Azhari is engaged in civil activities in Syria and the UAE. She was the co-founder and president of Modernizing and Activating Women's Role in Economic Development (MAWRED), a society dedicated to empower Syrian women through creating jobs. She also founded a community to protect the Slunfeh and Kassab forests in Latakia. Azhari is co-founder and head of Bashaer Al Nour, an NGO to provide help for children with autism and Down syndrome.

In February 2018 she was appointed the Chairwoman of Syria Saudi Company for Touristic Investments, the owner of Four Seasons Hotel in Syria.

==Recognition==
Yasmina Azhari is the first Syrian woman to hold the position of Honorary Consul, and the first woman to join the Board of Directors of the Chamber of Commerce and Industry in Latakia.

Azhari received the Order of Orange-Nassau of the Netherlands (Knight), making her the first Syrian woman to hold a knighthood from a foreign country.

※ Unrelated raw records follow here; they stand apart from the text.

Lemma N1 : N 1%g.
Proof. by have [? _ _] := N_subgroup r_eps_central; have [? _ _] := N_subgroup s_eps_central. Qed.

Lemma NM g h : N g -> N h -> N (g * h)%g.
Proof.
have [_ NMr _] := N_subgroup r_eps_central; have [_ NMs _] := N_subgroup s_eps_central.
by move=> [Nrg Nsg] [Nrh Nsh]; split; [apply: NMr | apply: NMs].
Qed.

Lemma sum_below g : N g -> (r + s) * eps g = r + s.
Proof. by move=> [Nrg Nsg]; rewrite mulrDl Nrg Nsg. Qed.

Lemma restr_sum_rs z :
  (exists a b, [/\ restr_part S_ r N a, restr_part S_ s N b & z = a + b]) <->
  restr_part S_ (r + s) N z.
Proof.
split.
  move=> [a [b [Ha Hb ->]]]; apply: restrD.
    exact: (restr_sub gradedS (r_S1 gradedS epsS r_eps_central) sum_absorb_r Ha).
  exact: (restr_sub gradedS (r_S1 gradedS epsS s_eps_central) sum_absorb_s Hb).
move=> [n [gs [xs [Hxs ->]]]].
exists (\sum_(i < n) r * xs i), (\sum_(i < n) s * xs i); split.
- by exists n, gs, xs.
- by exists n, gs, xs.
- by rewrite -big_split; apply: eq_bigr => i _; rewrite mulrDl.
Qed.

Lemma comp_rs g z :
  (exists x y, [/\ S_ g x, S_ g y & z = r * x + s * y]) <-> lmulset (r + s) (S_ g) z.
Proof.
split; last by move=> [x [Hx ->]]; exists x, x; rewrite mulrDl.
move=> [x [y [Hx Hy ->]]]; exists (r * x + s * y); split.
  apply: (addsubD (comp_addsub gradedS g)).
    exact: (comp_mul1l gradedS (r_S1 gradedS epsS r_eps_central) Hx).
  exact: (comp_mul1l gradedS (r_S1 gradedS epsS s_eps_central) Hy).
by rewrite mulrDr !mulrA sum_absorb_r sum_absorb_s.
Qed.

(* Part (ii), directness: (rS)_N and (sS)_N are separated by r and s. *)
Lemma restr_orth a b : restr_part S_ r N a -> restr_part S_ s N b -> a + b = 0 ->
  a = 0 /\ b = 0.
Proof.
move=> Ha Hb ab0.
have ra := restr_absorb idem_r Ha; have sb := restr_absorb idem_s Hb.
have rb : r * b = 0 by rewrite -sb mulrA central_orth mul0r.
have sa : s * a = 0 by rewrite -ra mulrA central_orth' mul0r.
split.
  by move: (congr1 (fun t => r * t) ab0); rewrite /= mulrDr ra rb addr0 mulr0.
by move: (congr1 (fun t => s * t) ab0); rewrite /= mulrDr sa sb add0r mulr0.
Qed.

Lemma sum_corner :
  strongly_graded_ring_with_id N
    (fun z => exists a b, [/\ restr_part S_ r N a, restr_part S_ s N b & z = a + b])
    (fun g z => exists x y, [/\ S_ g x, S_ g y & z = r * x + s * y])
    (r + s).
Proof.
exact: (corner_strongly_graded gradedS epsS sum_S1 sum_idem sum_central N1 NM sum_below
          restr_sum_rs comp_rs).
Qed.

End TwoCentral.

Theorem mainTheorem9 (G : groupType) (S : pzRingType)
  (S_ : G -> S -> Prop) (eps : G -> S) (r s : S) :
  graded S_ -> eps_strongly_graded S_ eps ->
  eps_central eps r -> eps_central eps s -> r <> s ->
  (* (i) *)
  ((forall g h, Nset eps r g -> Nset eps r h ->
      forall z, prodset (lmulset r (S_ g)) (lmulset r (S_ h)) z <->
                lmulset r (S_ (g * h)%g) z)
   /\ (forall g, ~ Nset eps r g -> forall x, S_ g x -> r * x = 0)
   /\ strongly_graded_ring_with_id (Nset eps r) (lmulset r (fun _ => True))
        (fun g => lmulset r (S_ g)) r)
  /\
  (* (ii) *)
  (let N := fun g => Nset eps r g /\ Nset eps s g in
   (forall a b, restr_part S_ r N a -> restr_part S_ s N b -> a + b = 0 ->
      a = 0 /\ b = 0)
   /\ strongly_graded_ring_with_id N
        (fun z => exists a b, [/\ restr_part S_ r N a, restr_part S_ s N b & z = a + b])
        (fun g z => exists x y, [/\ S_ g x, S_ g y & z = r * x + s * y])
        (r + s)).
Proof.
move=> gradedS epsS r_ec s_ec r_neq_s; split.
  split; first by move=> g h Ng _; apply: (r_corner_strong gradedS epsS r_ec).
  split; first by move=> g Ng x; apply: (r_kill gradedS epsS r_ec).
  exact: (r_corner gradedS epsS r_ec).
split; first exact: (restr_orth gradedS epsS r_ec s_ec r_neq_s).
exact: (sum_corner gradedS epsS r_ec s_ec r_neq_s).
Qed.
(* Let $(X,\alpha,T)$ be a dynamical system with $T=\mathbb{Z}$ or $T=\mathbb{R}$ acting by homeomorphisms on a compact metrizable space $X$. Then $\mathcal M=\mathcal M^+\cup\mathcal M^-$, and $\mathcal M^+$ and $\mathcal M^-$ are left ideals of $E$.
   Context: $\alpha^t$ are homeomorphisms with $\alpha^{s+t}=\alpha^s\circ\alpha^t$, $\alpha^0=\mathrm{id}$. $E$ is the closure of $\{\alpha^t:t\in T\}$ in $X^X$ (pointwise convergence topology, composition), $E^+$ and $E^-$ the closures of $\{\alpha^t: t\ge0\}$ and $\{\alpha^t:t\le0\}$. $\mathcal M$, $\mathcal M^+$, $\mathcal M^-$ denote the kernels (unique minimal two-sided ideals) of $E$, $E^+$, $E^-$. A left ideal of $S$ is a non-empty $I\subset S$ with $SI\subset I$. *)

From HB Require Import structures.
From mathcomp Require Import all_boot all_order all_algebra.
From mathcomp Require Import all_classical all_reals all_analysis.
Set Implicit Arguments. Unset Strict Implicit. Unset Printing Implicit Defensive.
Import Order.TTheory GRing.Theory Num.Theory.
Local Open Scope classical_set_scope.
Local Open Scope ring_scope.

Definition is_flow (T : zmodType) (X : topologicalType) (alpha : T -> X -> X) : Prop :=
  (forall t, continuous (alpha t) /\
     exists g : X -> X, [/\ continuous g, cancel (alpha t) g & cancel g (alpha t)])
  /\ (forall s t, alpha (s + t) = alpha s \o alpha t)
  /\ alpha 0 = id.

Definition envelope (T : Type) (X : topologicalType) (alpha : T -> X -> X)
  (P : set T) : set {ptws X -> X} :=
  closure [set (alpha t : {ptws X -> X}) | t in P].

Definition left_ideal (X : Type) (S I : set (X -> X)) : Prop :=
  I !=set0 /\ I `<=` S /\ (forall s i, S s -> I i -> I (s \o i)).

Definition two_sided_ideal (X : Type) (S I : set (X -> X)) : Prop :=
  left_ideal S I /\ (forall i s, I i -> S s -> I (i \o s)).

Definition minimal_two_sided_ideal (X : Type) (S I : set (X -> X)) : Prop :=
  two_sided_ideal S I /\ (forall J, two_sided_ideal S J -> J `<=` I -> J = I).

From HB Require Import structures.
From mathcomp Require Import all_boot all_order all_algebra.
From mathcomp Require Import all_classical all_reals all_analysis.
Import Order.TTheory GRing.Theory Num.Theory.
Local Open Scope classical_set_scope.
Local Open Scope ring_scope.
Set Implicit Arguments. Unset Strict Implicit. Unset Printing Implicit Defensive.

She was listed three times in Forbes’ 50 Most Powerful Arab Businesswomen, as well as being listed three times in Arabian Business’ 100 Most Powerful Women in the Arab World.

She was chosen the best entrepreneur in Syria by Ernst & Young in 2011.

==Personal life==
Azhari is married and has a son and a daughter, Mohammed and Rania. After the Syrian conflict in 2012, she moved with her family to the UAE.